House Republicans and Senate Democrats are pressing competing but broadly similar plans to pair an increase in the nation’s $14.3 trillion borrowing cap limit with spending cuts and to create a special committee to recommend bigger savings for a vote later this year.

The chief difference is the size of the immediate increase in the debt limit. Senate Democratic leader Harry Reid’s $2.7 trillion debt increase plan would keep the government afloat into 2013, while Republican House Speaker John Boehner’s $900 billion increase would require action next year.

Highlights of the competing plans:

DEBT INCREASE

House GOP: Immediate $900 billion increase in the debt limit; $1.6 trillion more would be made available after enactment of up to $1.8 trillion in future spending cuts.

Senate Democrats: Immediate $2.7 trillion debt limit increase.

SPENDING `CAPS’

House GOP: Cuts $756 billion over 10 years from the day-to-day operating budgets of Cabinet agencies. Caps new spending at $1.043 trillion in 2012, $7 billion below 2011 levels. Total cuts of $917 billion, including interest savings.

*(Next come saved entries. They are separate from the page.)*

(* For a Cartesian left additive category $\mathbb{X}$, the category $\mathcal{D}[\mathbb{X}]$ of $\mathsf{D}$-sequences (a subcategory of the category of pre-$\mathsf{D}$-sequences of $\mathbb{X}$, with the same identities, composition, pointwise finite product structure and pointwise additive structure) is a well-defined Cartesian left additive category.
   Context: Composition in diagrammatic order. A Cartesian left additive category is a category with finite products whose hom-sets are commutative monoids with $f(g+h)=fg+fh$, $f0=0$, in which all projections $\pi_j$ are additive ($(f+g)\pi_j=f\pi_j+g\pi_j$, $0\pi_j=0$). Let $\mathsf{P}(A)=A\times A$, $\mathsf{P}(f)=f\times f$. A pre-$\mathsf{D}$-sequence $f_\bullet:A\to B$ is $(f_0,f_1,\dots)$ with $f_n:\mathsf{P}^n(A)\to B$; $(h\cdot f_\bullet)_n=\mathsf{P}^n(h)f_n$; $\mathsf{T}(f_\bullet):\mathsf{P}(A)\to\mathsf{P}(B)$, $\mathsf{T}(f_\bullet)_n=\langle\mathsf{P}^n(\pi_0)f_n,f_{n+1}\rangle$; $\mathsf{D}[f_\bullet]:\mathsf{P}(A)\to B$, $\mathsf{D}[f_\bullet]_n=f_{n+1}$. Identity $i_\bullet$: $i_0=1$, $i_n=\pi_1\cdots\pi_1$ ($n$ times). Composition $(f_\bullet\ast g_\bullet)_n=\mathsf{T}^n(f_\bullet)_0g_n$. Products: terminal object of $\mathbb{X}$, projections $i_\bullet\cdot\pi_j$ where $(i_\bullet\cdot\pi_j)_n=i_n\pi_j$, pairing $\langle f_\bullet,g_\bullet\rangle_n=\langle f_n,g_n\rangle$. Addition: $0_n=0$, $(f_\bullet+g_\bullet)_n=f_n+g_n$. A $\mathsf{D}$-sequence is a pre-$\mathsf{D}$-sequence such that for all $n$, with $C=\mathsf{P}^n(A)$: $\langle1,0\rangle\cdot\mathsf{D}^{n+1}[f_\bullet]=0_\bullet$ ($\langle1,0\rangle:C\to C\times C$); $(1\times(\pi_0+\pi_1))\cdot\mathsf{D}^{n+1}[f_\bullet]=(1\times\pi_0)\cdot\mathsf{D}^{n+1}[f_\bullet]+(1\times\pi_1)\cdot\mathsf{D}^{n+1}[f_\bullet]$ (maps $C\times(C\times C)\to C\times C$); $\ell\cdot\mathsf{D}^{n+2}[f_\bullet]=\mathsf{D}^{n+1}[f_\bullet]$ with $\ell=\langle1,0\rangle\times\langle0,1\rangle:C\times C\to(C\times C)\times(C\times C)$; $c\cdot\mathsf{D}^{n+2}[f_\bullet]=\mathsf{D}^{n+2}[f_\bullet]$ with $c=\langle\langle\pi_0\pi_0,\pi_1\pi_0\rangle,\langle\pi_0\pi_1,\pi_1\pi_1\rangle\rangle$ on $(C\times C)\times(C\times C)$. *)

(* Plain Rocq (no library needed).  Composition is written in DIAGRAMMATIC
   order: [comp o f g] means "first f, then g" (the paper's  f g). *)

Set Implicit Arguments.
Unset Strict Implicit.
(* If $M$ is a thin representation of $Q$ (i.e. $\dim M_p\le1$ for all $p\in Q_0$), then for any ordered basis $\mathcal B$ the reduced Schubert system $\overline\Sigma$ of $M$ with respect to $\mathcal B$ is trivial (has no vertices). Consequently, for every dimension vector $\underline e$, the Schubert decomposition $\mathrm{Gr}_{\underline e}(M)=\coprod_{\beta}C_\beta^M$ is a decomposition into affine spaces; more precisely, $\mathrm{Gr}_{\underline e}(M)$ is a point if there exists an extremal successor closed $\beta\subset\mathcal B$ of type $\underline e$, and $\mathrm{Gr}_{\underline e}(M)$ is empty otherwise.
   Context: Let $Q$ be a quiver with finite $Q_0,Q_1$ and $M$ a finite-dimensional complex representation with ordered basis $\mathcal B=\bigcup_p\mathcal B_p$ (bases $\mathcal B_p$ of $M_p$, total order on $\mathcal B$). For $v:p\to q$, $i\in\mathcal B_p$ write $M_v(i)=\sum_j\mu_{v,i,j}j$; the coefficient quiver $\Gamma$ has vertices $\mathcal B$ and arrows $(v,i,j)$ from $i$ to $j$ with $\mu_{v,i,j}\ne0$; $F:\Gamma\to Q$ is the natural map. An arrow $(v,s,t)$ of $\Gamma$ is extremal if for all arrows $(v,s',t')\in\Gamma_1$ other than $(v,s,t)$, $s<s'$ or $t'<t$. $\beta\subset\mathcal B$ is extremal successor closed if for every extremal arrow $(v,s,t)$, $s\in\beta$ implies $t\in\beta$; $\beta$ is of type $\underline e$ if $|\beta\cap\mathcal B_p|=e_p$ for all $p$. Schubert decomposition: identify $M$ with $\mathbb C^d$ via $\mathcal B$, subrepresentations $N$ with $\bigoplus_pN_p$; $\mathrm{Gr}_{\underline e}(M)$ is the variety of subrepresentations with $\dim N_p=e_p$; for $|\beta|=e$, $\Delta_\beta$ is the Plücker coordinate, $\beta\le\beta'$ iff the $l$-th smallest element of $\beta$ is $\le$ that of $\beta'$ for all $l$, $C_\beta(d)=\{V:\Delta_\beta(V)\ne0,\Delta_{\beta'}(V)=0\ \forall\beta'>\beta\}$, $C^M_\beta=C_\beta(d)\cap\mathrm{Gr}_{\underline e}(M)$ for $\beta$ of type $\underline e$, and $\mathrm{Gr}_{\underline e}(M)=\coprod_{\beta\text{ of type }\underline e}C_\beta^M$. It is a decomposition into affine spaces if every cell is empty or an affine space. Reduced Schubert system: relevant pairs $\mathrm{Rel}^2=\{(i,j)\in\mathcal B^2:F(i)=F(j),i\le j\}$; relevant triples $\mathrm{Rel}^3$ = triples $(v,t,s)$ with $v:p\to q$, $s\in F^{-1}(p)$, $t\in F^{-1}(q)$ such that some $(v,s',t')\in\Gamma_1$ has $s\ge s'$ and $t\le t'$. For such a triple let $\overline E(v,t,s)=\sum_{(v,s,t')\in\Gamma_1,t<t'}\mu_{v,s,t'}w_{t,t'}+\sum_{(v,s',t')\in\Gamma_1,t<t',s'<s}\mu_{v,s',t'}w_{t,t'}w_{s',s}-\sum_{(v,s',t)\in\Gamma_1,s'<s}\mu_{v,s',t}w_{s',s}-\mu_{v,s,t}$ (with $\mu_{v,s,t}=0$ if $(v,s,t)\notin\Gamma_1$). The reduced Schubert system $\overline\Sigma$ is the graph with vertex set $\{(i,j)\in\mathrm{Rel}^2:i<j\}\sqcup\{(v,t,s)\in\mathrm{Rel}^3:(v,s,t)\text{ is not an extremal arrow of }\Gamma\}$, an edge $\{(v,t,s),(i,j)\}$ iff $w_{i,j}$ occurs in $\overline E(v,t,s)$, and links $((v,t,s),S)$ for each monomial $\prod_{(i,j)\in S}w_{i,j}$ (possibly $S=\emptyset$) occurring in $\overline E(v,t,s)$ with nonzero coefficient. *)

(* Quiver representations with an ordered basis, written in
   coordinates; Grassmannians of subrepresentations as row spaces (mxalgebra);
   Schubert cells via Pluecker coordinates; "affine space" via polynomial
   maps (multinomials' mpoly). *)
From HB Require Import structures.
From mathcomp Require Import all_boot all_order all_algebra.
From mathcomp Require Import mpoly.
Set Implicit Arguments. Unset Strict Implicit. Unset Printing Implicit Defensive.
Import Order.TTheory GRing.Theory.
Local Open Scope ring_scope.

Senate Democrats: Nearly identical caps on agency budgets. Saves $1 trillion more by assuming steep cuts in war funding. Total cuts of $2.2 trillion, including interest savings.

SPECIAL COMMITTEE

House GOP: Creates a 12-person, House-Senate bipartisan committee evenly divided between the political parties; charged with producing up to $1.8 trillion in deficit cuts. If a majority of the committee agrees on a plan, it would receive a vote in both the House and the Senate.

Senate Democrats: Nearly identical provisions. The panel would be instructed to seek deficit cuts sufficient to bring the deficit down to about 3 percent of the size of the economy.

OTHER

House GOP: Requires a vote on a balanced budget amendment to the Constitution; “program integrity” initiatives aimed at stemming abuses in benefits programs like Social Security; $17 billion in funding for Pell Grants for low-income college students, financed by curbs in student loan subsidies.

Senate Democrats: Similar Pell Grant provisions and more extensive program integrity initiatives; reduced “direct payments” to farmers; $15 billion in revenues from auctions of electromagnetic spectrum.